以前、マイクロフォーサーズ用が発売されたのに…
干渉無しの良品
焦点工房から、ようやく「KIPON BAVEYES EF-MFT AF 0.7x(OM-D)」が発売となった。これは、キヤノンのEFマウントレンズをマイクロフォーサーズのOM-Dシリーズで使用する事ができるようになる変換マウントで、特徴は電子接点を持っていてAFやレンズ内 or ボディ内手ブレ補正、Exif情報の伝達ができる製品である。
OM-D専用と謳っているのは、以前この製品が発売されたとき、OM-Dで使用するとボディとレンズが干渉する問題が発覚し、急遽OM-Dのみ対応製品から外されたという経緯があるためである。
この製品がいよいよもって発売された事で、OM-Dでも本格的にEFマウントレンズが使用できるようになったと言える。
35mm換算の計算が違う
この「KIPON BAVEYES EF-MFT AF 0.7x(OM-D)」は、通常のマイクロフォーサーズの35mm判換算の計算式と異なる焦点倍率になる。
というのは、0.7倍のフォーカルレデューサーレンズを搭載している為で、例えば50mmレンズを装着した場合、35mm判換算で70mm相当の画角となるのである。
またこのマウントはフォーカルレデューサーレンズの集光効果により、F値が1段分明るくなる。だからこのマウントを使用してEFマウントの単焦点レンズを装着すると、通常のマイクロフォーサーズの焦点距離の伸びほど焦点距離は長くならず、なおかつ明るいレンズとなる。
たとえば、私が35mm判換算で85mmのレンズが欲しいとして、従来であれば、パナライカの42.5mmレンズ「NOCTICRON」しか選択肢がない、という状況だとすると、この「KIPON BAVEYES EF-MFT AF 0.7x(OM-D)」を使えば、EFレンズの60mmというレンズがあれば、35mm判換算で84mmという焦点距離のレンズを得る事ができる、というワケである。

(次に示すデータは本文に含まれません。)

Lemma finite_mass_gauss_pdf m s : 0 < s -> finite_mass (gauss_pdf m s).
Proof.
  intros Hs.
  apply (finite_mass_of_cauchy_bound _ (18 * 1 / (s * sqrt (2 * PI))) m s); auto.
  - intros; now apply gauss_pdf_continuous.
  - intros; left; now apply gauss_pdf_pos.
  - intros x; rewrite <- (Rmult_1_l (gauss_pdf m s x)).
    apply gauss_pdf_weighted_le; auto; [lra|].
    generalize (Rabs_pos ((x - m) / s)); lra.
Qed.

Lemma finite_mass_abs_gauss_pdf m s t : 0 < s ->
  finite_mass (fun x => Rabs (x - t) * gauss_pdf m s x).
Proof.
  intros Hs.
  assert (Hc : forall x, continuous (fun x => Rabs (x - t) * gauss_pdf m s x) x).
  { intros x; apply (continuous_mult (fun x => Rabs (x - t)) (gauss_pdf m s));
      [|now apply gauss_pdf_continuous].
    apply continuous_Rabs_comp, (ex_derive_continuous (V := R_NormedModule)).
    auto_derive; exact I. }
  apply (finite_mass_of_cauchy_bound _ (18 * (s + Rabs (m - t)) / (s * sqrt (2 * PI))) m s);
    auto.
  - intros x; apply Rmult_le_pos; [apply Rabs_pos | left; now apply gauss_pdf_pos].
  - intros x; apply gauss_pdf_weighted_le; auto.
    + generalize (Rabs_pos (m - t)); lra.
    + replace (x - t) with (s * ((x - m) / s) + (m - t)) by (field; lra).
      eapply Rle_trans; [apply Rabs_triang|].
      rewrite Rabs_mult, (Rabs_right s) by lra.
      generalize (Rabs_pos ((x - m) / s)) (Rabs_pos (m - t)); nra.
Qed.
Definition abs_cont (m : nat) (f g : nat -> R) : Prop :=
  forall a, (a < m)%nat -> g a = 0 -> f a = 0.

(* finite value of I(f||g) (meaningful when abs_cont m f g), 0 log 0 = 0 *)
Definition KLsum (m : nat) (f g : nat -> R) : R :=
  sumA m (fun a => if Rlt_dec 0 (f a) then f a * ln (f a / g a) else 0).

(* "I(f||g) >= c" in the extended sense: I = +infinity if f is not
   absolutely continuous w.r.t. g *)
Definition KL_ge (m : nat) (f g : nat -> R) (c : R) : Prop :=
  ~ abs_cont m f g \/ c <= KLsum m f g.

Definition mix (lam : R) (f g : nat -> R) : nat -> R :=
  fun a => lam * f a + (1 - lam) * g a.

Definition quasiconcave (m : nat) (q : (nat -> R) -> R) : Prop :=
  forall f g lam, is_pmf m f -> is_pmf m g -> 0 <= lam <= 1 ->
    Rmin (q f) (q g) <= q (mix lam f g).

Definition lipschitz_l1 (m : nat) (q : (nat -> R) -> R) (L : R) : Prop :=
  forall f g, is_pmf m f -> is_pmf m g -> Rabs (q f - q g) <= L * l1 m f g.

Definition I_projection (m : nat) (q : (nat -> R) -> R) (cS : R)
    (f0 fstar : nat -> R) : Prop :=
  is_pmf m fstar /\ cS <= q fstar /\ abs_cont m fstar f0 /\
  forall f, is_pmf m f -> cS <= q f -> abs_cont m f f0 ->
    KLsum m fstar f0 <= KLsum m f f0.

Fixpoint words (m n : nat) : list (list nat) :=
  match n with
  | O => [ [] ]
  | S k => flat_map (fun w => map (fun a => a :: w) (seq 0 m)) (words m k)
  end.

Definition word_prob (f : nat -> R) (w : list nat) : R :=
  fold_right Rmult 1 (map f w).

Definition emp (w : list nat) : nat -> R :=
  fun a => INR (count_occ Nat.eq_dec w a) / INR (length w).
(* Let $\mathcal{P}\subset\mathbb{R}^d$ be a finite set of item vectors, $\bm{q}\in\mathbb{R}^d$, $k>1$ an integer, $\lambda\in[0,1]$, $\mu>0$, and assume $\langle\bm{x},\bm{y}\rangle\ge0$ for all $\bm{x},\bm{y}\in\mathcal{P}\cup\{\bm{q}\}$. Then the set function $f_{avg}:2^{\mathcal{P}}\to\mathbb{R}$, $$f_{avg}(\mathcal{S}) = \tfrac{\lambda}{k}\sum_{\bm{p}\in\mathcal{S}}\langle\bm{p},\bm{q}\rangle - \tfrac{2\mu(1-\lambda)}{k(k-1)}\sum_{\{\bm{p},\bm{p}'\}\subseteq\mathcal{S},\,\bm{p}\neq\bm{p}'}\langle\bm{p},\bm{p}'\rangle,$$ is submodular, i.e., $f_{avg}(\mathcal{S}\cup\{\bm{p}\})-f_{avg}(\mathcal{S})\ge f_{avg}(\mathcal{T}\cup\{\bm{p}\})-f_{avg}(\mathcal{T})$ for all $\mathcal{S}\subseteq\mathcal{T}\subseteq\mathcal{P}$ and $\bm{p}\in\mathcal{P}\setminus\mathcal{T}$.
   Context: The second sum in $f_{avg}$ runs over unordered pairs of distinct elements of $\mathcal{S}$; $k$ is a fixed parameter (not the size of $\mathcal{S}$). The nonnegativity of inner products is the paper's standing assumption (item and user vectors come from a non-negative matrix factorization). *)

From HB Require Import structures.
From mathcomp Require Import all_boot all_order all_algebra.
From mathcomp Require Import finmap.
Set Implicit Arguments. Unset Strict Implicit. Unset Printing Implicit Defensive.
Import Order.TTheory GRing.Theory Num.Theory.
Local Open Scope ring_scope.
Local Open Scope fset_scope.

Definition dot (R : realFieldType) (d : nat) (x y : 'rV[R]_d) : R :=
  \sum_(i < d) x 0 i * y 0 i.

(* sum of <p,p'> over unordered pairs {p,p'} of distinct elements of S:
   enumerate S without duplicates and sum over index pairs i < j *)
Definition pair_sum (R : realFieldType) (d : nat) (S : {fset 'rV[R]_d}) : R :=
  let s := enum_fset S in
  \sum_(i < size s) \sum_(j < size s | (i < j)%N)
     dot (nth 0 s i) (nth 0 s j).

Definition f_avg (R : realFieldType) (d : nat) (k : nat) (lam mu : R)
    (q : 'rV[R]_d) (S : {fset 'rV[R]_d}) : R :=
  lam / k%:R * (\sum_(p <- S) dot p q)
  - (2 * mu * (1 - lam)) / (k * (k - 1))%:R * pair_sum S.

(* The marginal gain of adding p to S is (lam/k) <p,q> - c * sum_(x in S) <p,x>
   with a constant c = 2 mu (1 - lam) / (k (k - 1)) >= 0, so only the
   diversity penalty depends on S; as all inner products are nonnegative, that
   penalty can only grow when S is enlarged. *)
From HB Require Import structures.
From mathcomp Require Import all_boot all_order all_algebra finmap.
From mathcomp Require Import lra.
Import Order.TTheory GRing.Theory Num.Theory.
Local Open Scope ring_scope.

Lemma sum_ltn_pairs_double (V : nmodType) n (g : 'I_n -> 'I_n -> V) :
  (forall i j, g i j = g j i) ->
  (\sum_(i < n) \sum_(j < n | (i < j)%N) g i j) *+ 2 + \sum_(i < n) g i i
    = \sum_(i < n) \sum_(j < n) g i j.
Proof.
move=> g_sym.
have split_row i : \sum_(j < n) g i j
    = \sum_(j < n | (i < j)%N) g i j + g i i + \sum_(j < n | (j < i)%N) g i j.
  rewrite (bigID (fun j : 'I_n => (i < j)%N)) /= -addrA; congr (_ + _).
  rewrite (bigD1 i) ?ltnn //=; congr (_ + _).
  by apply: eq_bigl => j; rewrite -leqNgt ltn_neqAle andbC.
have lower_eq_upper : \sum_(i < n) \sum_(j < n | (j < i)%N) g i j
    = \sum_(i < n) \sum_(j < n | (i < j)%N) g i j.
  rewrite (exchange_big_dep xpredT) //=.
  by apply: eq_bigr => i _; apply: eq_bigr => j _; rewrite g_sym.
under [RHS]eq_bigr do rewrite split_row.
by rewrite !big_split /= lower_eq_upper mulr2n addrAC.
Qed.

Lemma ler_sum_fsubset (R : numDomainType) (K : choiceType) (X Y : {fset K})
    (F : K -> R) :
  (X `<=` Y)%fset -> {in Y, forall x, 0 <= F x} ->
  \sum_(x <- X) F x <= \sum_(x <- Y) F x.
Proof.
move=> sXY F_ge0; rewrite [leRHS](big_fsetID _ (fun x => x \in X)) /=.
have -> : \sum_(x <- [fset x in Y | x \in X]%fset) F x = \sum_(x <- X) F x.
  by apply: eq_fbigl => x; rewrite !inE /= andb_idl // => /(fsubsetP sXY).
rewrite lerDl big_seq sumr_ge0 // => x.
by rewrite !inE => /andP[/F_ge0].
Qed.

Section InnerProduct.
Variables (R : realFieldType) (d : nat).
Implicit Types (p : 'rV[R]_d) (S : {fset 'rV[R]_d}).

Lemma dotC : commutative (@dot R d).
Proof. by move=> x y; apply: eq_bigr => i _; rewrite mulrC. Qed.

Lemma pair_sum_double S :
  pair_sum S *+ 2 + \sum_(x <- S) dot x x = \sum_(x <- S) \sum_(y <- S) dot x y.
Proof.
rewrite /pair_sum (big_nth 0) big_mkord sum_ltn_pairs_double; last first.
  by move=> i j; apply: dotC.
by rewrite (big_nth 0) big_mkord; apply: eq_bigr => i _; rewrite (big_nth 0) big_mkord.
Qed.

Lemma pair_sum_fsetU1 S p : p \notin S ->
  pair_sum (p |` S)%fset = pair_sum S + \sum_(x <- S) dot p x.
Proof.
move=> pNS; apply: (@pmulrnI _ 2) => //=.
have expand : \sum_(x <- (p |` S)%fset) \sum_(y <- (p |` S)%fset) dot x y
    = dot p p + (\sum_(x <- S) dot p x) *+ 2 + \sum_(x <- S) \sum_(y <- S) dot x y.
  rewrite !big_fsetU1 //=.
  under [X in _ + X = _]eq_bigr => x _ do rewrite big_fsetU1 //= [dot x p]dotC.
  by rewrite big_split /= mulr2n !addrA.
have := pair_sum_double (p |` S)%fset.
rewrite expand big_fsetU1 //= -pair_sum_double mulrnDl; lra.
Qed.

End InnerProduct.

Lemma f_avg_fsetU1 (R : realFieldType) d k (lam mu : R) (q p : 'rV[R]_d)
    (S : {fset 'rV[R]_d}) :
  p \notin S ->
  f_avg k lam mu q (p |` S)%fset - f_avg k lam mu q S
    = lam / k%:R * dot p q
      - 2 * mu * (1 - lam) / (k * (k - 1))%:R * \sum_(x <- S) dot p x.
Proof. by move=> pNS; rewrite /f_avg pair_sum_fsetU1 // big_fsetU1 //=; lra. Qed.

Local Open Scope fset_scope.

Theorem lemma1 (R : realFieldType) (d : nat) (P : {fset 'rV[R]_d})
    (q : 'rV[R]_d) (k : nat) (lam mu : R) :
  (1 < k)%N -> 0 <= lam <= 1 -> 0 < mu ->
  (forall x y, x \in q |` P -> y \in q |` P -> 0 <= dot x y) ->
  forall (S T : {fset 'rV[R]_d}) (p : 'rV[R]_d),
    S `<=` T -> T `<=` P -> p \in P -> p \notin T ->
    f_avg k lam mu q (p |` T) - f_avg k lam mu q T
      <= f_avg k lam mu q (p |` S) - f_avg k lam mu q S.
Proof.
move=> _ /andP[lam_ge0 lam_le1] mu_gt0 dot_ge0 S T p sST sTP pP pNT.
have pNS : p \notin S by apply: contra pNT; apply: (fsubsetP sST).
rewrite !f_avg_fsetU1 // lerD2l lerN2 ler_wpM2l //.
  by rewrite divr_ge0 // !mulr_ge0 ?subr_ge0 // ltW.
apply: ler_sum_fsubset => // x xT.
by apply: dot_ge0; rewrite !inE ?pP ?(fsubsetP sTP x xT) orbT.
Qed.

しかもそのレンズでは電子接点によりAFも効くし、手ブレ補正もレンズ内 or ボディ内問わず普通に効く。
しかも、レデューサーレンズによって明るさは1段分明るくなるわけだから、レンズの選択肢が広がり、結果として良い事ずくめという事になる。
EFレンズはちょっと大きいか?
ただ、唯一の不安となるのが、EFレンズは大きいという事。
それこそ、フルサイズセンサー用のレンズだったりするわけで、重く大きいのは当たり前である。
EFマウントには、兄弟分のEF-SマウントというAPS-Cサイズのイメージセンサー用マウントも存在するが「KIPON BAVEYES EF-MFT AF 0.7x(OM-D)」がEF-Sマウントのレンズに対応しているのかどうかは明確なところがわからない。基本、EF-Sマウント対応のカメラはEFマウントレンズの装着が可能なのだが、その逆が不可能なのは、35mmフルサイズのクイックリターンミラー等が干渉するからであり、本製品である「KIPON BAVEYES EF-MFT AF 0.7x(OM-D)」を装着するマイクロフォーサーズはそもそもミラーレスであるため、干渉しない事から、場合によっては装着は可能かもしれない。実際には誰も試していない情報なので、試す事ができる人がいたらぜひそのあたりを教えてほしいものである。
前述したようにEFレンズはフルサイズ用なので大きく重い。そのレンズを装着するワケだから、OM-D側もちゃんとしたグリップを装着したカメラでないと実使用上は厳しいかも知れない。
ましてPEN-FやPENなんかだと、支えきれないかもしれない。そのあたりは使用するレンズとの兼ね合いだろうが、フルサイズ用のレンズは基本重く大きいものが多いのが常である。
ましてそれにアダプタを組み合わせるのだから、カメラ本体から長さも嵩むので、よりバランスが悪くなり、支えきれなくなる。
なので、この「KIPON BAVEYES EF-MFT AF 0.7x(OM-D)」は基本OM-D E-M1や外部グリップを取り付けたOM-D用と考えた方がいいかもしれない。
どちらにしても使えるレンズの選択肢が増えるというのは喜ばしい事である。
どうしても既存メーカーのレンズで欲しいレンズが見当たらない時は、キヤノンレンズを検討してみるのも良いかも知れない。